> Activity: Throughout the entries below, report every line where "Variable" is found.

> Exercise data:
──────────────────────────────

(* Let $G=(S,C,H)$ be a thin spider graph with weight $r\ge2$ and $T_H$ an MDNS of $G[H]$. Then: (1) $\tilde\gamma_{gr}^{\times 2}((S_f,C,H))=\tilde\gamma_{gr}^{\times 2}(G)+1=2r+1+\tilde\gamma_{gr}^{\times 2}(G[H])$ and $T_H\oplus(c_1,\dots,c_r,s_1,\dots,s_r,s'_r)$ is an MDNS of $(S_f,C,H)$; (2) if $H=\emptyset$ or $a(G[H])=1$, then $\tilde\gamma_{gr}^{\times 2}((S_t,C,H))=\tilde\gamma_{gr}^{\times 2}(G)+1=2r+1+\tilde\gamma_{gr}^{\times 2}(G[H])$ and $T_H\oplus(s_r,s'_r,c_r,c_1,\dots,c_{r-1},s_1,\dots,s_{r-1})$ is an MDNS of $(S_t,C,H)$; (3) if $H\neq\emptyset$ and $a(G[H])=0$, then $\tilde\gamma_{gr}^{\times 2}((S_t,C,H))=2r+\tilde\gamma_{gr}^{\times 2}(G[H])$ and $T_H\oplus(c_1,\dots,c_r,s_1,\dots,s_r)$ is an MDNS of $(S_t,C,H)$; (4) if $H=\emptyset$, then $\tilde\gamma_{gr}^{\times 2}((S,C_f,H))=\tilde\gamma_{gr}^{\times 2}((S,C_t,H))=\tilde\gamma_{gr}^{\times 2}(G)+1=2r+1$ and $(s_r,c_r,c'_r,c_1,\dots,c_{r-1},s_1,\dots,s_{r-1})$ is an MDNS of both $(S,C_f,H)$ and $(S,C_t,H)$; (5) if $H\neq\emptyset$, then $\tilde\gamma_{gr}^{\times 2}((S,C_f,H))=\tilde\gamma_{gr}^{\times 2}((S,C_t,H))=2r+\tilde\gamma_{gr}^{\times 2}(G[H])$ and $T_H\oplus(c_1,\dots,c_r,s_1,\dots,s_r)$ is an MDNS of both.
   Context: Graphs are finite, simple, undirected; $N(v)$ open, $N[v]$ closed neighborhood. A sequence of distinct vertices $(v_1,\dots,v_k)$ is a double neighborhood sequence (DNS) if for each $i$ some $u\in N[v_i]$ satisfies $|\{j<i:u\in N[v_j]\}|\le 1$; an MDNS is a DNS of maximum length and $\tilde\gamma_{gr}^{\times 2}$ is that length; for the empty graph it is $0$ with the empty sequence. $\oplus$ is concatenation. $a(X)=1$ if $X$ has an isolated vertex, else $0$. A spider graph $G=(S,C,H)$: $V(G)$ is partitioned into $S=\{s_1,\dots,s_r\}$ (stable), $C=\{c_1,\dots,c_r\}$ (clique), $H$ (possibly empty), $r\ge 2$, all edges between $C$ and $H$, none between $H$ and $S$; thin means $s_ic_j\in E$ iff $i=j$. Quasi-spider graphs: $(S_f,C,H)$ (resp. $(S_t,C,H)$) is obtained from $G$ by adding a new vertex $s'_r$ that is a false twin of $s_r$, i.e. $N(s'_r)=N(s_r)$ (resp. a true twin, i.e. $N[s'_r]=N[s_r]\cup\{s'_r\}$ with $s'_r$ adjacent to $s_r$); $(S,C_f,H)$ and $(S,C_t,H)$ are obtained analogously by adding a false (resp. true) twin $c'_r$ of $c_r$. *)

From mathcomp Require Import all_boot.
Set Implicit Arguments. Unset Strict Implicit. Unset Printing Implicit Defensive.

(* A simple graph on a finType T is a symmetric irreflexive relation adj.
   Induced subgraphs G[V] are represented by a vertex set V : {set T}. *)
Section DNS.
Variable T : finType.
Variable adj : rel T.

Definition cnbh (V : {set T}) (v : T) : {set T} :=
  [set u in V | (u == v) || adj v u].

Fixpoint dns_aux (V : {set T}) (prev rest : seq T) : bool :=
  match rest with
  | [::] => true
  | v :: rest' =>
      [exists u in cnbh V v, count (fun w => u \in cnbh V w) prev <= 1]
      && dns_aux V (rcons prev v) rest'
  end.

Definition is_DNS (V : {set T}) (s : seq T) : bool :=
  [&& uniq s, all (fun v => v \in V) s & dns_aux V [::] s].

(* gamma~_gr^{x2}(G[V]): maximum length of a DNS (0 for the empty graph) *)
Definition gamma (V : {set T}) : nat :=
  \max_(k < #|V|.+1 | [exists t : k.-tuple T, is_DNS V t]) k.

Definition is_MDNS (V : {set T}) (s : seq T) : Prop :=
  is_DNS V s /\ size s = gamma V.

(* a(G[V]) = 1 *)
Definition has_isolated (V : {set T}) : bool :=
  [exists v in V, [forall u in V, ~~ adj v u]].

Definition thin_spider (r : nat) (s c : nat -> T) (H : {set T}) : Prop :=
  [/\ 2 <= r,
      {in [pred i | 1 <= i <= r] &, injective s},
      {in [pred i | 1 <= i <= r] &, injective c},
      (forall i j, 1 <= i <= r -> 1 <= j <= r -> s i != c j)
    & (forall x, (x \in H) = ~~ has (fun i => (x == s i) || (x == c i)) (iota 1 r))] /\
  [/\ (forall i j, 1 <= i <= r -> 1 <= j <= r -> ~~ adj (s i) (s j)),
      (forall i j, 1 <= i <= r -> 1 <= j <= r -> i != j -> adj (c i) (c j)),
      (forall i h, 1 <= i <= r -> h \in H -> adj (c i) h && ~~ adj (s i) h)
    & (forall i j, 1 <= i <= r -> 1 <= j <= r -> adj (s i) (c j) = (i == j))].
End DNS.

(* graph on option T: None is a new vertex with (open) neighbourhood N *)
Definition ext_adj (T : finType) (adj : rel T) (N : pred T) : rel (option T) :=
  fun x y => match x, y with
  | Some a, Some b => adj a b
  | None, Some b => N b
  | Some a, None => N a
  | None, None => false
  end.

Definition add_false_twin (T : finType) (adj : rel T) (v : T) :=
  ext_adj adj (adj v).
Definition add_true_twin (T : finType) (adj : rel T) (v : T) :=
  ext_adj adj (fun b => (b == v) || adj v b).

──────────────────────────────

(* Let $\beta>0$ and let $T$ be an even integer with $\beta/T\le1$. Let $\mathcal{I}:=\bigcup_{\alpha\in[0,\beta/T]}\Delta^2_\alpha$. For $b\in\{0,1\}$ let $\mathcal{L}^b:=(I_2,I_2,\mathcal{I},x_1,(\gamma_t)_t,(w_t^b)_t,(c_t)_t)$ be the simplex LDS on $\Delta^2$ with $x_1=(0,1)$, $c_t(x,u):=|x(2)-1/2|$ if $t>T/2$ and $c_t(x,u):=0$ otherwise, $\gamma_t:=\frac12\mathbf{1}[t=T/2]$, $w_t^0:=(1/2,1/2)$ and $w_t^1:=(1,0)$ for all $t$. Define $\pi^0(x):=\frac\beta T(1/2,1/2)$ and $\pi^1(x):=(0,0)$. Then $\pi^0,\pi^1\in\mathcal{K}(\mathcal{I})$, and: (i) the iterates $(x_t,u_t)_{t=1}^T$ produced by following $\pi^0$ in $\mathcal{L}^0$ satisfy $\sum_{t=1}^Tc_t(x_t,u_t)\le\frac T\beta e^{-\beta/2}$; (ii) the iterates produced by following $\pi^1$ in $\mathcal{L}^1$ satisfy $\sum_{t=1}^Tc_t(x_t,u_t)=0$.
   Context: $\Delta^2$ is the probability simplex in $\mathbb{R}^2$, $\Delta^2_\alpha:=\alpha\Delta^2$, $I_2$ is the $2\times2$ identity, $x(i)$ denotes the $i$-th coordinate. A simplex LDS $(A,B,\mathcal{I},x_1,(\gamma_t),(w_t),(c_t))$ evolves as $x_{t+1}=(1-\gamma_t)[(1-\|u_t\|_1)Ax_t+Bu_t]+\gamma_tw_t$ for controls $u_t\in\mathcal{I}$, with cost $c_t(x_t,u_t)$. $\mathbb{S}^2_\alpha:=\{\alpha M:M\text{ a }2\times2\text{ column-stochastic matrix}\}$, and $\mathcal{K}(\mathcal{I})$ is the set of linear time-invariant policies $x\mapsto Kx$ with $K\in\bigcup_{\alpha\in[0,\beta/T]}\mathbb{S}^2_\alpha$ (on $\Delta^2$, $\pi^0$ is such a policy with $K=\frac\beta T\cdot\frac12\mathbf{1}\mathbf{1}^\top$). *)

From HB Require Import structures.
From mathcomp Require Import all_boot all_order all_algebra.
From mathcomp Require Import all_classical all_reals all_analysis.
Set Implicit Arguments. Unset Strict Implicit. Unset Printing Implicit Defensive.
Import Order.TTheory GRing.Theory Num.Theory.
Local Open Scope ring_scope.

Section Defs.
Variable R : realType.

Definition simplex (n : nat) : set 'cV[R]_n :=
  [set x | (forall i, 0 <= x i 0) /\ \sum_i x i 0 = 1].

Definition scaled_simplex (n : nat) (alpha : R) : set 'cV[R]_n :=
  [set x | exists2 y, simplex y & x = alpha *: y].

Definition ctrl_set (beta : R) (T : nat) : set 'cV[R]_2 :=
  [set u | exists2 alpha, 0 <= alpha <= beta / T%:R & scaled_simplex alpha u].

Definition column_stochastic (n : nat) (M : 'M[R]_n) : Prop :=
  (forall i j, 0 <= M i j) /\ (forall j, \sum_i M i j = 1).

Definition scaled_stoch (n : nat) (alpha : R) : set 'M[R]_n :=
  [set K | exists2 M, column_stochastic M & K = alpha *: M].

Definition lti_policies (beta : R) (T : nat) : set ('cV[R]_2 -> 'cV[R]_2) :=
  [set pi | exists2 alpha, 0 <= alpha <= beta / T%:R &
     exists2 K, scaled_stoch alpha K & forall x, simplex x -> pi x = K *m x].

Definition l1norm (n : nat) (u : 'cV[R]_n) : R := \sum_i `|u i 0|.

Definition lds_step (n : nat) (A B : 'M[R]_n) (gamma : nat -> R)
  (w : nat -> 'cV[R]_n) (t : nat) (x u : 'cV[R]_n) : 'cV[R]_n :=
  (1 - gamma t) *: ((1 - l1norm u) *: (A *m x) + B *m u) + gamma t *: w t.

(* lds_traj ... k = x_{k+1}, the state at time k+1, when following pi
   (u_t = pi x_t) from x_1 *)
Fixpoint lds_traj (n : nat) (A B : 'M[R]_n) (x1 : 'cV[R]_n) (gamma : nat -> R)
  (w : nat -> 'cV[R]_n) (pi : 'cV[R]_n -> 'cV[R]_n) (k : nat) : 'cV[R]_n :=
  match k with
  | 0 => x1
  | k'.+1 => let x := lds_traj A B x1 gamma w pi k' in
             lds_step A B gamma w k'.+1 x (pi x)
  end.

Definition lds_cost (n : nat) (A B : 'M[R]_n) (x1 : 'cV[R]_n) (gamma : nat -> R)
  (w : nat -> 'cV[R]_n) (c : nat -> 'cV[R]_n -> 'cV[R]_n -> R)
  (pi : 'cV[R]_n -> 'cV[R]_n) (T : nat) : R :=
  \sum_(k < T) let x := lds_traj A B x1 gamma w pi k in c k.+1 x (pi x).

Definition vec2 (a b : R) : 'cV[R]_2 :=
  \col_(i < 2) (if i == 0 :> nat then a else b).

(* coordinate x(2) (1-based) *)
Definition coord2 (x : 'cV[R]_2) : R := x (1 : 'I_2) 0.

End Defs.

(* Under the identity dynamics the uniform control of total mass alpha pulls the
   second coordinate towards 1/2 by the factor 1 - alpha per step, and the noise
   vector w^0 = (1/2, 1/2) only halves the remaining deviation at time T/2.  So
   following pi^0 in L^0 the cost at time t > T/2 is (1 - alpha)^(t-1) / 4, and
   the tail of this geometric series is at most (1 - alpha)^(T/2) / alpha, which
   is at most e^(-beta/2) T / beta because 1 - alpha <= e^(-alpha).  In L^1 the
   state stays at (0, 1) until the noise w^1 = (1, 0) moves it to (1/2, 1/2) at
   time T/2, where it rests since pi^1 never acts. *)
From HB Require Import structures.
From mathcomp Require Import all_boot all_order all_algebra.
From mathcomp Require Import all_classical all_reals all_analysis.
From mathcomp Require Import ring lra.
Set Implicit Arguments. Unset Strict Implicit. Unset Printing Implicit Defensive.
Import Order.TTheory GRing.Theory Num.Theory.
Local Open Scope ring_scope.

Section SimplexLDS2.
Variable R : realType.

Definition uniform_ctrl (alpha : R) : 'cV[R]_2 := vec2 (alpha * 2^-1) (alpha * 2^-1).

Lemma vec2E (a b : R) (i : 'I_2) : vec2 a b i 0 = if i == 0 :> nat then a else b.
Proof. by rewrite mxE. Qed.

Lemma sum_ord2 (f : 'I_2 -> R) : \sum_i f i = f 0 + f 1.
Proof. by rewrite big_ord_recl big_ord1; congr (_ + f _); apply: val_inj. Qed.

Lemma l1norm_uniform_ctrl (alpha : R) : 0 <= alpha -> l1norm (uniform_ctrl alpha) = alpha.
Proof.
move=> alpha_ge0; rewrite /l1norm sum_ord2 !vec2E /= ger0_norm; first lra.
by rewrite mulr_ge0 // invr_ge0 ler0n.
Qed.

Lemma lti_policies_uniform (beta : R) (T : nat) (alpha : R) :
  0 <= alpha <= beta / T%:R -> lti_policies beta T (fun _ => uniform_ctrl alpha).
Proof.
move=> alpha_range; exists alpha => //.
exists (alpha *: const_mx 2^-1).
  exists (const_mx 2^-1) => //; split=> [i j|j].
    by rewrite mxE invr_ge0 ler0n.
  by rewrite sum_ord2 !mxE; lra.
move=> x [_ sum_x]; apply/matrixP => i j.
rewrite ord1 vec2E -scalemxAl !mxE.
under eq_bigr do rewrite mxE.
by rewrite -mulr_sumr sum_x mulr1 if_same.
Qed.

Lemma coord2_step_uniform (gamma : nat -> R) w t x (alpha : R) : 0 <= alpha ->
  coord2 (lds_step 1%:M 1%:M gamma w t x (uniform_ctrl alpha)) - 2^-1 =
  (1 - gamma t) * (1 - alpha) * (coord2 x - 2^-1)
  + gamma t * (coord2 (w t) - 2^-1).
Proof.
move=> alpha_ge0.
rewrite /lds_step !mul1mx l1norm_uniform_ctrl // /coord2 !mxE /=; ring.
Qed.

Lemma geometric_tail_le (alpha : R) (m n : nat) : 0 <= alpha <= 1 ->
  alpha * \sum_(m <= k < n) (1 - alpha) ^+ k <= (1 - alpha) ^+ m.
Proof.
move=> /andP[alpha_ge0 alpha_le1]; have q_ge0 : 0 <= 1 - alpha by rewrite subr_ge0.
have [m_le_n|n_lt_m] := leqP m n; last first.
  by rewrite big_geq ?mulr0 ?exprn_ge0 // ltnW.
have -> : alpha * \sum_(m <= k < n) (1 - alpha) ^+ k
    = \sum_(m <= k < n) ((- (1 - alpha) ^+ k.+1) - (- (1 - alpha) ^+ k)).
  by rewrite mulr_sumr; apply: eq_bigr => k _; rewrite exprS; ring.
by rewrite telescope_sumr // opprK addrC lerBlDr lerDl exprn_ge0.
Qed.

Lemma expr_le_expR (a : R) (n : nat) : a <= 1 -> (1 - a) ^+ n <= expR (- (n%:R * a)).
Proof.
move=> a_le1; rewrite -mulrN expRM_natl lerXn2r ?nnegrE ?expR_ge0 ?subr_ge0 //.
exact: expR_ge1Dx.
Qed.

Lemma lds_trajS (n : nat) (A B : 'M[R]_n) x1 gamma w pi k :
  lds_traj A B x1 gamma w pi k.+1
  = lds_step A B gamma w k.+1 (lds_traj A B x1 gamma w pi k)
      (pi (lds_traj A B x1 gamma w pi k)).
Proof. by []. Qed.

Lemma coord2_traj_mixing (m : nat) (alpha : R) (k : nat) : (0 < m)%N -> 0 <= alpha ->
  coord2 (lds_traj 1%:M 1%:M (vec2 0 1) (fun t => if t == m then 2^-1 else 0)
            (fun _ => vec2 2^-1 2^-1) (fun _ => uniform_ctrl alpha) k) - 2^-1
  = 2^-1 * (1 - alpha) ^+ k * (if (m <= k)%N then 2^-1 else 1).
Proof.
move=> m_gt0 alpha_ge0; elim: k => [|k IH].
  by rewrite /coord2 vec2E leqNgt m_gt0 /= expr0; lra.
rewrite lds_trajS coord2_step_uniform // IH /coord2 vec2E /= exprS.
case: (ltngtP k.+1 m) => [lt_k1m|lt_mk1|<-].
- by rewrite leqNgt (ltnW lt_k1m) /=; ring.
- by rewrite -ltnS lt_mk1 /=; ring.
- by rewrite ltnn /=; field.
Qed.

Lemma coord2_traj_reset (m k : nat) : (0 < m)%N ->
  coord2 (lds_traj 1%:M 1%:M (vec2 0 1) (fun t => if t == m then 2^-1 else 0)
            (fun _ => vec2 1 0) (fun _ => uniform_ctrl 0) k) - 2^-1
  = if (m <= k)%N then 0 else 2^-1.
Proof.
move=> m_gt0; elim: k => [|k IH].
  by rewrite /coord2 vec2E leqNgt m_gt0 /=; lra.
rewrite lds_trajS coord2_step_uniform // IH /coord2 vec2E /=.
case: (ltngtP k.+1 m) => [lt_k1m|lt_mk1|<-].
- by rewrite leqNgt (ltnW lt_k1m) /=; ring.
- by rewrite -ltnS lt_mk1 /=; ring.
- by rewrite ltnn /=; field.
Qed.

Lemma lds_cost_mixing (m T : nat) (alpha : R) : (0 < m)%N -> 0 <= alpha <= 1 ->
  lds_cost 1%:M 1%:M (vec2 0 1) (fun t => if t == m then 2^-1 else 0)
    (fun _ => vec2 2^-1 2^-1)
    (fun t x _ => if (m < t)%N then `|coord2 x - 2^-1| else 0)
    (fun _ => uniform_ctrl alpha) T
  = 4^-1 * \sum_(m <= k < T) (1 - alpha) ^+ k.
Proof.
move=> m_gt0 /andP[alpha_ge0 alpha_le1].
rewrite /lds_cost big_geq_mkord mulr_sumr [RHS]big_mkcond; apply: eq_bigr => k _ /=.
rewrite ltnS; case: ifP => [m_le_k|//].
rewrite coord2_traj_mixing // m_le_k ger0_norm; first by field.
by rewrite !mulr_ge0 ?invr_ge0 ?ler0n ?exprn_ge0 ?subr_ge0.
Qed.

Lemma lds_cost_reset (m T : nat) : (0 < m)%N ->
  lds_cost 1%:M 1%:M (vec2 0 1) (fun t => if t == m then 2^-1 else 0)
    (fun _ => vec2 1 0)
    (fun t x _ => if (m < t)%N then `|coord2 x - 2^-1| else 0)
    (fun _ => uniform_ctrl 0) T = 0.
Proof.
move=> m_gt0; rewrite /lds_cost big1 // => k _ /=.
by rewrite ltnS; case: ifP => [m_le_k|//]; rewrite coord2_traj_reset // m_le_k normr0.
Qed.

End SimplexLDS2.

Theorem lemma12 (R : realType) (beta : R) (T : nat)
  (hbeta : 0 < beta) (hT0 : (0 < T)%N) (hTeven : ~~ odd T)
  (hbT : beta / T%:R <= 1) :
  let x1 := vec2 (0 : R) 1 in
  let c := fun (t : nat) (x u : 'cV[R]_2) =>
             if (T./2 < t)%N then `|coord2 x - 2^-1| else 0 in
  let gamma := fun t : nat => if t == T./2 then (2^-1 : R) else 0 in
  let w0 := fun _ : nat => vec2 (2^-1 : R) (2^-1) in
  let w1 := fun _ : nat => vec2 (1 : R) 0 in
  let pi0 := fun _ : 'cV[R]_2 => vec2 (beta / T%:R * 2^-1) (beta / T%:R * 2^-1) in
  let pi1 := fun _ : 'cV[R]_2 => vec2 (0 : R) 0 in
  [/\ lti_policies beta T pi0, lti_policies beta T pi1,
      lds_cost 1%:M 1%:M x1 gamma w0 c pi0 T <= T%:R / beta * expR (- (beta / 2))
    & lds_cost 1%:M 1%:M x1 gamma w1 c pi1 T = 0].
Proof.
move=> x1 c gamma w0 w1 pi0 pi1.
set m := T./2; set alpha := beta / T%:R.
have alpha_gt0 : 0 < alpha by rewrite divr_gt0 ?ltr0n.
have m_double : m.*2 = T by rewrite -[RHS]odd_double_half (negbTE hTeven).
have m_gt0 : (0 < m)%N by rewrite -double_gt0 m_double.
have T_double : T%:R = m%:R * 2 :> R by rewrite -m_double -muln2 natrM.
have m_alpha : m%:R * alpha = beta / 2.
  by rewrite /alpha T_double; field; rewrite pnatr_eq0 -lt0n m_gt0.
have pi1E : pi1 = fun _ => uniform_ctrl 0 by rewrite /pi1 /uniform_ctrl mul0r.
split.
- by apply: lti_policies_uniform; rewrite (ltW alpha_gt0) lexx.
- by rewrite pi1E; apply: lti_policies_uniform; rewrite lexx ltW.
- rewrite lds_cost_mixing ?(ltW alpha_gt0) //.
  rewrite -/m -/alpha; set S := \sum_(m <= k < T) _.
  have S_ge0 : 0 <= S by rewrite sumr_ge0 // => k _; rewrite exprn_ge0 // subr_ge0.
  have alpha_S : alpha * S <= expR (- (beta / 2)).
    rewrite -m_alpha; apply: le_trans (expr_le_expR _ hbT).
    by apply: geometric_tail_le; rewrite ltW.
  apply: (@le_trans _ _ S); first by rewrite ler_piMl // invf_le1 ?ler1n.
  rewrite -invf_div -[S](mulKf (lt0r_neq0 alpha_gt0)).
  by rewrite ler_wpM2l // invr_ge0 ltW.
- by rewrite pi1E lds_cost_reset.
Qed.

──────────────────────────────

> Output:
Variable T : finType.
Variable adj : rel T.
Variable R : realType.
Variable R : realType.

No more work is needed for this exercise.